Już tylko 7 goli przewagi..Ta klasyfikacja też się zmniejsza.
W sumie jak Tottenham w jakichś niewyjaśnionych okolicznościach nie urwie City punktów to ja tu nie widzę miejsca w którym by się miał MC potknąć. Już abstrahując od tego, że my sami musimy być bezbłędni ale tak na logikę to City ma autostradę
Czar prysł x 2
Beka, ze najbardziej będziemy liczyć na Spurs jeśli chodzi o urwanie punktów City
Po meczu warto by sprawdzić, czy na konto Wooda nie wpłynęło sporo kasy z bliżej nieokreślonego źródła.
Koleś dwoił się i troił, żeby tylko czasem nie trafić, nawet do pustej bramki.

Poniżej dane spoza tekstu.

(* Let $G$ be a Polish group, $X$ a Polish space with a continuous $G$-action, and $F\subseteq E^X_G$ a Borel equivalence relation on $X$ such that each $E^X_G$-class contains at most countably many $F$-classes. Then $E^X_G$ is a Borel subset of $X\times X$.
   Context: $E^X_G=\{(x,y):\exists g\in G\ g\cdot x=y\}$ is the orbit equivalence relation. *)

From Stdlib Require Import Reals.
Open Scope R_scope.

(* A topology on X is given by its predicate of open sets. *)
Definition topology (X : Type) := (X -> Prop) -> Prop.

Definition is_metric {X : Type} (d : X -> X -> R) : Prop :=
  (forall x y, 0 <= d x y) /\
  (forall x y, d x y = 0 <-> x = y) /\
  (forall x y, d x y = d y x) /\
  (forall x y z, d x z <= d x y + d y z).

Definition metric_open {X : Type} (d : X -> X -> R) (U : X -> Prop) : Prop :=
  forall x, U x -> exists eps, 0 < eps /\ forall y, d x y < eps -> U y.

Definition metric_complete {X : Type} (d : X -> X -> R) : Prop :=
  forall u : nat -> X,
    (forall eps, 0 < eps -> exists N, forall m n, (N <= m)%nat -> (N <= n)%nat ->
        d (u m) (u n) < eps) ->
    exists l, forall eps, 0 < eps -> exists N, forall n, (N <= n)%nat -> d (u n) l < eps.

(* separable: there is a countable dense subset (enumerated by a partial sequence,
   so that the empty space is allowed) *)
Definition metric_separable {X : Type} (d : X -> X -> R) : Prop :=
  exists s : nat -> option X,
    forall x eps, 0 < eps -> exists n y, s n = Some y /\ d x y < eps.

Definition polish {X : Type} (t : topology X) : Prop :=
  exists d : X -> X -> R,
    is_metric d /\ metric_complete d /\ metric_separable d /\
    (forall U, t U <-> metric_open d U).

Definition prod_topology {X Y : Type} (tX : topology X) (tY : topology Y)
  : topology (X * Y) :=
  fun W => forall p, W p -> exists A B, tX A /\ tY B /\ A (fst p) /\ B (snd p) /\
      (forall x y, A x -> B y -> W (x, y)).

Definition continuous {X Y : Type} (tX : topology X) (tY : topology Y) (f : X -> Y) : Prop :=
  forall V, tY V -> tX (fun x => V (f x)).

Ciężka sprawa. To City nawet jak nic takiego nie gra to wygrywa...
@Ech0z: Nie pierwszy raz, w Azerbejdżanie też mu się udało.
Czyli Emery kolejny raz pozbawił nasz trofeum
@tomaszszef: Jednak trzeba patrzec na konkurencję i ich wyniki z nadzieją na potknięcie bo na szali jest tytuł
@tomaszszef napisał: "My martwmy sie o siebie a nie o city. Napierw to my musimy reszte wygrac a nie od dzis wiadomo ze united na mocnych rywali umie sie spiąć na old trafford. Czy city pogubi ptk czy nie to nic nie da jak my damy ciała. Musimy grac swoje i ciułać ptk."

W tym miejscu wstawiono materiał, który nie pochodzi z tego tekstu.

Lemma Cmod_integrand_term_le n p k t :
  Cmod (integrand_term n p k t) <= exp 1 * ((exp 1 + 1) ^ k / INR (fact k)).
Proof.
  unfold integrand_term. rewrite !Cmod_mult, Cmod_pow, !Cmod_R.
  pose proof (exp_pos 1). pose proof (fact_pos k). pose proof (fact_pos (k + p)).
  assert (Hu : Cmod (exp_exp_i t - 1) <= exp 1 + 1).
  { eapply Rle_trans; [apply Cmod_triangle|]. rewrite Cmod_opp, Cmod_1.
    pose proof (Cmod_exp_exp_i_le t). lra. }
  rewrite Rabs_pos_eq by (apply Rdiv_le_0_compat; lra).
  apply Rle_trans with (exp 1 / INR (fact k) * ((exp 1 + 1) ^ k * 1)); [|right; unfold Rdiv; ring].
  apply Rmult_le_compat.
  - apply Rdiv_le_0_compat; lra.
  - apply Rmult_le_pos; [apply pow_le, Cmod_ge_0 | apply Rabs_pos].
  - apply Rmult_le_compat_l; [lra|]. apply Rinv_le_contravar; [lra | apply le_INR, fact_le; lia].
  - apply Rmult_le_compat; [apply pow_le, Cmod_ge_0 | apply Rabs_pos | | apply Rabs_sin_le_1].
    apply pow_incr. split; [apply Cmod_ge_0 | exact Hu].
Qed.

Lemma is_series_Im_RInt_thm7_integrand n p : (1 <= n)%nat ->
  is_series
    (fun k => exp 1 / INR (fact (k + p))
              * sum_n (fun j => alt_binom k j * (PI / 2 * (INR j ^ n / INR (fact n)))) k)
    (Im (RInt (V := C_R_CompleteNormedModule) (thm7_integrand n p) 0 PI)).
Proof.
  intros Hn.
  set (I k := RInt (V := C_R_CompleteNormedModule) (integrand_term n p k) 0 PI).
  assert (HI : forall k, is_RInt (V := C_R_NormedModule) (integrand_term n p k) 0 PI (I k) /\
                 Im (I k) = exp 1 / INR (fact (k + p))
                   * sum_n (fun j => alt_binom k j * (PI / 2 * (INR j ^ n / INR (fact n)))) k).
  { intros k. destruct (is_RInt_integrand_term n p k Hn) as [c [Hc HIm]].
    unfold I. now rewrite (is_RInt_unique (V := C_R_CompleteNormedModule) _ _ _ _ Hc). }
  destruct (is_RInt_series (V := C_R_CompleteNormedModule) (integrand_term n p) (thm7_integrand n p)
              I (fun k => exp 1 * ((exp 1 + 1) ^ k / INR (fact k))) 0 PI) as [l [Hl Hint]].
  - intros k. apply HI.
  - intros k t. rewrite norm_C_R. apply Cmod_integrand_term_le.
  - apply (ex_series_scal_l (V := R_NormedModule)), ex_series_exp.
  - intros t. exact (is_series_thm7_integrand n p t).
  - rewrite (is_RInt_unique _ _ _ _ Hint).
    eapply is_series_ext; [|exact (proj2 (proj1 (is_series_Re_Im I l) Hl))].
    intros k. apply HI.
Qed.

(** * Derivatives of the exponential generating function *)

(* The m-th derivative of the k-th term p!/(k+p)! (e^x - 1)^k of the EGF of the
   p-Bell numbers. *)
Definition egf_term_deriv (p m k : nat) (x : R) : R :=
  INR (fact p) / INR (fact (k + p))
  * sum_n (fun j => alt_binom k j * (INR j ^ m * exp (INR j * x))) k.

Definition egf_majorant (p m k : nat) (r : R) : R :=
  INR (fact p) / INR (fact (k + p)) * (2 ^ k * (INR k ^ m * exp (INR k * r))).

Lemma egf_majorant_ge_0 p m k r : 0 <= egf_majorant p m k r.
Proof.
  unfold egf_majorant. pose proof (fact_pos (k + p)). pose proof (exp_pos (INR k * r)).
  apply Rmult_le_pos; [apply Rdiv_le_0_compat; [apply pos_INR | lra]|].
  apply Rmult_le_pos; [apply pow_le; lra|].
  apply Rmult_le_pos; [apply pow_le, pos_INR | lra].
Qed.

Lemma Rabs_egf_term_deriv_le p m k r y : Rabs y <= r ->
  Rabs (egf_term_deriv p m k y) <= egf_majorant p m k r.
Proof.
  intros Hy. unfold egf_term_deriv, egf_majorant. pose proof (fact_pos (k + p)).
  assert (Hc : 0 <= INR (fact p) / INR (fact (k + p))) by (apply Rdiv_le_0_compat; [apply pos_INR | lra]).
  rewrite Rabs_mult, (Rabs_pos_eq _ Hc). apply Rmult_le_compat_l; [exact Hc|].
  apply Rabs_sum_alt_binom_le. intros j Hj.
  rewrite Rabs_mult, Rabs_pos_eq by (apply pow_le, pos_INR).
  rewrite Rabs_pos_eq by (left; apply exp_pos).
  apply le_INR in Hj. pose proof (pos_INR j). apply Rabs_le_between in Hy.
  apply Rmult_le_compat; [apply pow_le, pos_INR | left; apply exp_pos | apply pow_incr; lra |].
  apply exp_le_compat. nra.
Qed.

O co Ci chodzi xD Chcąc lub nie chcąc trzeba oglądać się na mecze City i liczyć, że zgubią punkty, nie rozumiem twojego bezsensownego wywodu.
Przez 20 minut drugiej połowy ,City nie wiedziało gdzie jest "raz". Forest grało z nimi jak chciało. To,że prowadzą,to zasługa drewnianego zelandczyka. Nie zasługują na tytuł... Bernardo,Hujlan Alvarez, Grylisz....*****,co za przeciętności....

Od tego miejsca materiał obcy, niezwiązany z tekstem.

Record Smooth2Group (C : Cat) := {
  s2_cat : CatOver C;
  s2_fib : is_fib_grpd (proj s2_cat);
  s2_unit : OverFun (TermOver C) s2_cat;
  s2_tens : OverFun (FPover s2_cat s2_cat) s2_cat;
  s2_assoc : AssocT s2_tens;
  s2_lunit : LUnitT s2_unit s2_tens;
  s2_runit : RUnitT s2_unit s2_tens;
  s2_assoc_nat : assoc_natural s2_tens s2_assoc;
  s2_assoc_vert : assoc_vertical s2_tens s2_assoc;
  s2_assoc_iso : assoc_iso s2_tens s2_assoc;
  s2_lunit_nat : lunit_natural s2_unit s2_tens s2_lunit;
  s2_lunit_vert : lunit_vertical s2_unit s2_tens s2_lunit;
  s2_lunit_iso : lunit_iso s2_unit s2_tens s2_lunit;
  s2_runit_nat : runit_natural s2_unit s2_tens s2_runit;
  s2_runit_vert : runit_vertical s2_unit s2_tens s2_runit;
  s2_runit_iso : runit_iso s2_unit s2_tens s2_runit;
  s2_pentagon : pentagon s2_tens s2_assoc;
  s2_triangle : triangle s2_unit s2_tens s2_assoc s2_lunit s2_runit;
  s2_shear : is_equiv_over (pairOF s2_tens (pr1OF s2_cat s2_cat)) }.
Arguments s2_cat {C} _.
Arguments s2_unit {C} _.
Arguments s2_tens {C} _.
Arguments s2_assoc {C} _.
Arguments s2_lunit {C} _.
Arguments s2_runit {C} _.

Section Morphism.
Context (C : Cat) (G K : Smooth2Group C).
Local Notation HG := (s2_cat G).
Local Notation HK := (s2_cat K).
Local Notation piG := (proj HG).
Local Notation piK := (proj HK).
Local Notation TG := (s2_tens G).
Local Notation TK := (s2_tens K).
Local Notation uG := (s2_unit G).
Local Notation uK := (s2_unit K).

Record S2Mor := {
  mp : OverFun HG HK;
  mu : forall (x y : ob (tot HG)) (e : fobj piG x = fobj piG y)
              (e' : fobj piK (fobj (ofun mp) x) = fobj piK (fobj (ofun mp) y)),
      hom (fobj (ofun mp) (tensO TG x y e))
          (tensO TK (fobj (ofun mp) x) (fobj (ofun mp) y) e');
  mu_nat : forall x y x' y' (f : hom x x') (g : hom y y') c c' e1 e1' e2 e2',
      comp (mu x' y' e1' e2') (fmap (ofun mp) (tensM TG f g c e1 e1'))
      = comp (tensM TK (fmap (ofun mp) f) (fmap (ofun mp) g) c' e2 e2') (mu x y e1 e2);
  mu_vert : forall x y e e',
      mkarr (fmap piK (mu x y e e'))
      = mkarr (idm (fobj piK (fobj (ofun mp) (tensO TG x y e))));
  mu_iso : forall x y e e', is_iso (mu x y e e');
  eps : forall c : ob C, hom (fobj (ofun mp) (unitO uG c)) (unitO uK c);
  eps_nat : forall (c c' : ob C) (f : hom c c'),
      comp (eps c') (fmap (ofun mp) (fmap (ofun uG) f))
      = comp (fmap (ofun uK) f) (eps c);
  eps_vert : forall c, mkarr (fmap piK (eps c)) = mkarr (idm c);
  eps_iso : forall c, is_iso (eps c);
  mu_assoc : forall (x y z : ob (tot HG)) e1 e2 e3 e4 f1 f2 f3 g4 h2 f4 k1 k2,
      comp (tensM TK (idm (fobj (ofun mp) x)) (mu y z e3 f3) k1 f4 g4)
           (comp (mu x (tensO TG y z e3) e4 f4)
                 (fmap (ofun mp) (s2_assoc G x y z e1 e2 e3 e4)))
      = comp (s2_assoc K (fobj (ofun mp) x) (fobj (ofun mp) y) (fobj (ofun mp) z)
                        f1 f2 f3 g4)
             (comp (tensM TK (mu x y e1 f1) (idm (fobj (ofun mp) z)) k2 h2 f2)
                   (mu (tensO TG x y e1) z e2 h2));
  mu_lunit : forall (x : ob (tot HG)) e e0 f1 f2 k,
      mkarr (fmap (ofun mp) (s2_lunit G x e))
      = mkarr (comp (s2_lunit K (fobj (ofun mp) x) f2)
                 (comp (tensM TK (eps (fobj piK (fobj (ofun mp) x)))
                              (idm (fobj (ofun mp) x)) k f1 f2)
                       (mu (unitO uG (fobj piK (fobj (ofun mp) x))) x e0 f1)));
  mu_runit : forall (x : ob (tot HG)) e e0 f1 f2 k,
      mkarr (fmap (ofun mp) (s2_runit G x e))
      = mkarr (comp (s2_runit K (fobj (ofun mp) x) f2)
                 (comp (tensM TK (idm (fobj (ofun mp) x))
                              (eps (fobj piK (fobj (ofun mp) x))) k f1 f2)
                       (mu x (unitO uG (fobj piK (fobj (ofun mp) x))) e0 f1))) }.

End Morphism.
Arguments S2Mor {C} G K.
Arguments mp {C G K} _.

(** * The homotopy kernel [ker^h(p)] of [p : H -> K] and [kappa] *)
Section Kernel.
Context (C : Cat) (H K : CatOver C) (p : OverFun H K) (uK : OverFun (TermOver C) K).
Local Notation piH := (proj H).
Local Notation piK := (proj K).

Definition KerOb : Type :=
  {h : ob (tot H) &
   {eta : hom (fobj (ofun p) h) (fobj (ofun uK) (fobj piH h))
    | is_iso eta /\ mkarr (fmap piK eta) = mkarr (idm (fobj piH h))}}.

Definition ker_h (P : KerOb) : ob (tot H) := projT1 P.
Definition ker_eta (P : KerOb) :
  hom (fobj (ofun p) (ker_h P)) (fobj (ofun uK) (fobj piH (ker_h P))) :=
  proj1_sig (projT2 P).

Definition KerHom (P Q : KerOb) : Type :=
  {z : hom (ker_h P) (ker_h Q)
   | comp (ker_eta Q) (fmap (ofun p) z) = comp (fmap (ofun uK) (fmap piH z)) (ker_eta P)}.

Lemma KerHom_eq (P Q : KerOb) (f g : KerHom P Q) : proj1_sig f = proj1_sig g -> f = g.
Proof.
  destruct f as [f pf], g as [g pg]; simpl; intro e; subst g.
  f_equal; apply proof_irrelevance.
Qed.

Definition Kerid (P : KerOb) : KerHom P P.
Proof.
  refine (exist _ (idm _) _).
  rewrite !fmap_id.
  rewrite comp_idl, comp_idr. reflexivity.
Defined.

Definition Kercomp (P Q R : KerOb) (g : KerHom Q R) (f : KerHom P Q) : KerHom P R.
Proof.
  refine (exist _ (comp (proj1_sig g) (proj1_sig f)) _).
  destruct f as [f pf], g as [g pg]; simpl.
  rewrite !fmap_comp.
  etransitivity; [apply comp_assoc|].
  etransitivity; [apply (f_equal (fun k => comp k (fmap (ofun p) f)) pg)|].
  etransitivity; [symmetry; apply comp_assoc|].
  etransitivity; [apply (f_equal (fun k => comp (fmap (ofun uK) (fmap piH g)) k) pf)|].
  apply comp_assoc.
Defined.

Definition KerCat : Cat.
Proof.
  refine {| ob := KerOb; hom := KerHom; idm := Kerid; comp := Kercomp |}.
  - intros P Q f; apply KerHom_eq; simpl; apply comp_idl.
  - intros P Q f; apply KerHom_eq; simpl; apply comp_idr.
  - intros P Q R S f g h; apply KerHom_eq; simpl; apply comp_assoc.
Defined.

Definition kappa : Functor KerCat C.
Proof.
  refine (@Build_Functor KerCat C (fun P : KerOb => fobj piH (ker_h P))
            (fun P Q (f : KerHom P Q) => fmap piH (proj1_sig f)) _ _).
  - intro P; simpl; apply fmap_id.
  - intros P Q R f g; simpl; apply fmap_comp.
Defined.

End Kernel.
Arguments KerCat {C H K} p uK.
Arguments kappa {C H K} p uK.

Definition kappa2 (C : Cat) (H K : Smooth2Group C) (p : S2Mor H K)
  : Functor (KerCat (mp p) (s2_unit K)) C :=
  kappa (mp p) (s2_unit K).
Arguments kappa2 {C H K} p.

(* A lift of f : c -> pi(h) to an object (h, eta) is obtained by lifting
   f to g : h' -> h in H and then, K being fibred in groupoids, factoring
   eta o p(g) through u(pi g) by a vertical morphism eta', which is
   automatically invertible.  Cartesianness in the kernel reduces to that of
   H, the kernel condition on the induced morphism following from
   Cartesianness (hence cancellability) of the morphisms u(pi z) in K. *)
From Stdlib Require Import Eqdep.

Definition cartesian {D C : Cat} (P : Functor D C) : Prop :=
  forall (d0 d1 d2 : ob D) (z12 : hom d1 d2) (z02 : hom d0 d2)
         (f01 : hom (fobj P d0) (fobj P d1)),
    comp (fmap P z12) f01 = fmap P z02 ->
    exists! g : hom d0 d1, fmap P g = f01 /\ comp z12 g = z02.

Lemma fib_grpd_cartesian {D C : Cat} (P : Functor D C) :
  is_fib_grpd P -> cartesian P.
Proof. intros [_ HP]; exact HP. Qed.

Lemma mkarr_idm_ind {C : Cat} (Q : forall a b : ob C, hom a b -> Prop)
  {a b c : ob C} (f : hom a b) :
  mkarr f = mkarr (idm c) -> Q c c (idm c) -> Q a b f.
Proof.
  unfold mkarr; intros Hf HQ.
  pose proof (f_equal (@projT1 _ _) Hf) as ea; simpl in ea; subst a.
  apply inj_pairT2 in Hf.
  pose proof (f_equal (@projT1 _ _) Hf) as eb; simpl in eb; subst b.
  apply inj_pairT2 in Hf; subst f. exact HQ.
Qed.

Lemma eq_idm_arr {C : Cat} {a b : ob C} :
  a = b -> {f : hom a b | mkarr f = mkarr (idm b)}.
Proof. intros e; subst b. exists (idm a). reflexivity. Qed.

Lemma mkarr_comp_idml {C : Cat} {a b b' c : ob C} (g : hom b b') (f : hom a b) :
  mkarr g = mkarr (idm c) -> mkarr (comp g f) = mkarr f.
Proof.
  intro Hg; revert f.
  apply (mkarr_idm_ind (fun b b' g => forall f : hom a b, mkarr (comp g f) = mkarr f) g Hg).
  intro f; rewrite comp_idl; reflexivity.
Qed.

Lemma mkarr_comp_idmr {C : Cat} {a b b' c : ob C} (g : hom b b') (f : hom a b) :
  mkarr f = mkarr (idm c) -> mkarr (comp g f) = mkarr g.
Proof.
  intro Hf; revert g.
  apply (mkarr_idm_ind (fun a b f => forall g : hom b b', mkarr (comp g f) = mkarr g) f Hf).
  intro g; rewrite comp_idr; reflexivity.
Qed.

@tomaszszef napisał: "My martwmy sie o siebie a nie o city. Napierw to my musimy reszte wygrac a nie od dzis wiadomo ze united na mocnych rywali umie sie spiąć na old trafford. Czy city pogubi ptk czy nie to nic nie da jak my damy ciała. Musimy grac swoje i ciułać ptk."
Z jednej strony normalne myślenie, a z drugiej pier**** głupot.
No chyba normalne, że każdy tutaj liczy podczas spotkań City na ich rywali.... "Musimy wygrać do końca" to żadna nowość.
My martwmy sie o siebie a nie o city. Napierw to my musimy reszte wygrac a nie od dzis wiadomo ze united na mocnych rywali umie sie spiąć na old trafford. Czy city pogubi ptk czy nie to nic nie da jak my damy ciała. Musimy grac swoje i ciułać ptk.
Gdyby to był Karl Wood to w skrócie można by było na niego mówić WoodKa.
@Pires9999 napisał: "Nie ma co płakać na Forest. Było wygrać z aston i byśmy mieli to w upie ...a nie lamenty teraz"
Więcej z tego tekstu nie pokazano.